Record Localization : Type := {
  Lob :> AbGroup -> AbGroup;
  Lmap : forall X Y : AbGroup, hom X Y -> hom (Lob X) (Lob Y);
  Lmap_id : forall (X : AbGroup) (f : hom X X),
      (forall x, f x = x) -> forall y, Lmap f y = y;
  Lmap_comp : forall (X Y Z : AbGroup) (f : hom X Y) (g : hom Y Z) (h : hom X Z),
      (forall x, h x = g (f x)) -> forall y, Lmap h y = Lmap g (Lmap f y);
  La : forall X : AbGroup, hom X (Lob X);
  La_nat : forall (X Y : AbGroup) (f : hom X Y) (x : X),
      Lmap f (La X x) = La Y (f x);
  La_LX : forall (X : AbGroup) (y : Lob X), La (Lob X) y = Lmap (La X) y;
  La_LX_iso : forall X : AbGroup, is_iso (La (Lob X))
}.

Definition is_L_localization (L : Localization) (X Y : AbGroup) (f : hom X Y) : Prop :=
  exists phi : hom (L X) Y, is_iso phi /\ forall x, phi (La L X x) = f x.

(* N^K_L : the image of the (unique) homomorphism
   g : L F_K -> prod_K L Z  with  g o a_{F_K} = incl o (+)_K a_Z. *)
Definition N_L (L : Localization) (K : Type) (y : Prod K (L Zgrp)) : Prop :=
  exists g : hom (L (F K)) (Prod K (L Zgrp)),
    (forall x, g (La L (F K) x) = incl K (L Zgrp) (dsum_map K (La L Zgrp) x)) /\
    exists x, g x = y.

Definition supp_at_least (K : Type) (G : AbGroup) (y : K -> G) (n : nat) : Prop :=
  exists s : list K, NoDup s /\ length s = n /\ forall k, In k s -> y k <> zero.

(* support L = omega_0.
   support_K L = least cardinal > |supp y| for all y in N^K_L, and
   support L = sup_K support_K L.  Hence  support L = omega_0  iff
   (i) every support_K L <= omega_0, i.e. every y in every N^K_L has
       finite support, and
   (ii) the support_K L are not bounded by a finite cardinal, i.e. for every
       n there are K and y in N^K_L with |supp y| >= n. *)
Definition support_is_omega0 (L : Localization) : Prop :=
  (forall (K : Type) (y : Prod K (L Zgrp)), @N_L L K y -> @fin_supp K (L Zgrp) y) /\
  (forall n : nat, exists (K : Type) (y : Prod K (L Zgrp)),
      @N_L L K y /\ @supp_at_least K (L Zgrp) y n).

**********

TASK BRIEF – Go through the data above and copy each line in which "Prop" appears.

WRITTEN SOLUTION –
Definition is_L_localization (L : Localization) (X Y : AbGroup) (f : hom X Y) : Prop :=
Definition N_L (L : Localization) (K : Type) (y : Prod K (L Zgrp)) : Prop :=
Definition supp_at_least (K : Type) (G : AbGroup) (y : K -> G) (n : nat) : Prop :=
Definition support_is_omega0 (L : Localization) : Prop :=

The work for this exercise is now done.